#### Your instructions
When you reach the line with "move=> /(_ p2_ge0) p1_le0." in the data below, begin printing lines exactly, and stop once the line with "congr (_ + _); apply: eq_bigr => i Pi." has been printed.

#### Data extract
Definition stable_profile (s : profile) : Prop :=
  exists (d1 d2 : dist) (b : strat),
    valid_dist d1 /\ valid_dist d2 /\ is_equilibrium d1 d2 b /\
    stable d1 d2 b /\
    forall a : A1 * A2, aggregate d1 d2 b a = s.1 a.1 * s.2 a.2.

Definition pareto_dominates (s s' : profile) : Prop :=
  ext pi1 s.1 s.2 >= ext pi1 s'.1 s'.2 /\ ext pi2 s.1 s.2 >= ext pi2 s'.1 s'.2 /\
  (ext pi1 s.1 s.2 > ext pi1 s'.1 s'.2 \/ ext pi2 s.1 s.2 > ext pi2 s'.1 s'.2).

Definition pareto_efficient (s : profile) : Prop :=
  ~ exists s' : profile, is_mixed s'.1 /\ is_mixed s'.2 /\ pareto_dominates s' s.

Definition strict_nash (a : A1 * A2) : Prop :=
  (forall x1, x1 != a.1 -> pi1 (x1, a.2) < pi1 a) /\
  (forall x2, x2 != a.2 -> pi2 (a.1, x2) < pi2 a).

End Game.

(* The incumbents are the types for which a1, resp. a2, is strictly dominant, so
   they always play (a1, a2).  A mutant meeting an incumbent of the other role
   faces a1 or a2 and, the equilibrium being strict, loses fitness unless it
   behaves like the incumbent.  Two mutants meeting each other play some
   equilibrium of their own; Pareto efficiency of (a1, a2) says that any gain of
   one of them is paid for by a loss of the other that is at least proportional,
   with a constant K valid for all mixed profiles (first for pure profiles, then
   by a cone argument).  When the mutant shares are below 1 / (2 K^2) these gains
   cannot outweigh the losses against the incumbents: either some mutant is
   strictly less fit than its incumbent, or all types are equally fit. *)

From HB Require Import structures.
From mathcomp Require Import all_boot all_order all_algebra.
From mathcomp Require Import ring lra.
Import Order.TTheory GRing.Theory Num.Theory.
Local Open Scope ring_scope.
Set Implicit Arguments. Unset Strict Implicit. Unset Printing Implicit Defensive.

Section Tradeoff.
Variable R : realFieldType.

Lemma wsum_tradeoff (I : finType) (v1 v2 : I -> R) (w : {ffun I -> R}) (K : R) :
  0 <= K ->
  (forall mu : {ffun I -> R}, (forall i, 0 <= mu i) ->
     0 <= \sum_i mu i * v2 i -> \sum_i mu i * v1 i <= 0) ->
  (forall i, 0 <= v2 i -> K * v1 i + v2 i <= 0) ->
  (forall i, 0 <= w i) -> 0 <= \sum_i w i * v2 i ->
  K * (\sum_i w i * v1 i) + \sum_i w i * v2 i <= 0.
Proof.
move=> K_ge0 cone pointwise w_ge0.
pose P i := 0 < v2 i.
pose q1 := \sum_(i | P i) w i * v1 i; pose q2 := \sum_(i | P i) w i * v2 i.
pose r1 := \sum_(i | ~~ P i) w i * v1 i; pose r2 := \sum_(i | ~~ P i) w i * v2 i.
have sum_split (v : I -> R) : \sum_i w i * v i =
    \sum_(i | P i) w i * v i + \sum_(i | ~~ P i) w i * v i by rewrite (bigID P).
rewrite !sum_split -/q1 -/q2 -/r1 -/r2 => p2_ge0.
have q_tradeoff : K * q1 + q2 <= 0.
  rewrite mulr_sumr -big_split /=; apply: sumr_le0 => i Pi.
  have -> : K * (w i * v1 i) + w i * v2 i = w i * (K * v1 i + v2 i) by ring.
  by rewrite mulr_ge0_le0 // pointwise // ltW.
have q2_ge0 : 0 <= q2 by apply: sumr_ge0 => i Pi; rewrite mulr_ge0 // ltW.
have r2_le0 : r2 <= 0 by apply: sumr_le0 => i notPi; rewrite mulr_ge0_le0 // leNgt.
have [q2_0|q2_gt0] := eqVneq q2 0.
  have := cone w w_ge0; rewrite !sum_split -/q1 -/q2 -/r1 -/r2.
  move=> /(_ p2_ge0) p1_le0.
  have : K * (q1 + r1) <= 0 by rewrite mulr_ge0_le0.
  lra.
(* Reweight the two halves so that their v2-masses cancel. *)
pose mu := [ffun i => if P i then - r2 * w i else q2 * w i].
have mu_ge0 i : 0 <= mu i.
  by rewrite /mu ffunE; case: ifP => _;
    rewrite mulr_ge0 // ?oppr_ge0 // ltW // lt_def q2_gt0.
have sum_mu (v : I -> R) : \sum_i mu i * v i =
    - r2 * \sum_(i | P i) w i * v i + q2 * \sum_(i | ~~ P i) w i * v i.
  rewrite (bigID P) /= !mulr_sumr.
  congr (_ + _); apply: eq_bigr => i Pi.
  - by rewrite /mu ffunE Pi mulrA.
  - by rewrite /mu ffunE (negbTE Pi) mulrA.
have := cone mu mu_ge0; rewrite !sum_mu -/q1 -/q2 -/r1 -/r2.
have -> : - r2 * q2 + q2 * r2 = 0 by ring.
move=> /(_ (lexx 0)) mu_v1_le0.
have : 0 <= (q2 + r2) * - (K * q1 + q2) by rewrite mulr_ge0 // oppr_ge0.
have : K * (- r2 * q1 + q2 * r1) <= 0 by rewrite mulr_ge0_le0.
have : 0 < q2 by rewrite lt_def q2_gt0.
nra.
Qed.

#### Task response
  move=> /(_ p2_ge0) p1_le0.
  have : K * (q1 + r1) <= 0 by rewrite mulr_ge0_le0.
  lra.
(* Reweight the two halves so that their v2-masses cancel. *)
pose mu := [ffun i => if P i then - r2 * w i else q2 * w i].
have mu_ge0 i : 0 <= mu i.
  by rewrite /mu ffunE; case: ifP => _;
    rewrite mulr_ge0 // ?oppr_ge0 // ltW // lt_def q2_gt0.
have sum_mu (v : I -> R) : \sum_i mu i * v i =
    - r2 * \sum_(i | P i) w i * v i + q2 * \sum_(i | ~~ P i) w i * v i.
  rewrite (bigID P) /= !mulr_sumr.
  congr (_ + _); apply: eq_bigr => i Pi.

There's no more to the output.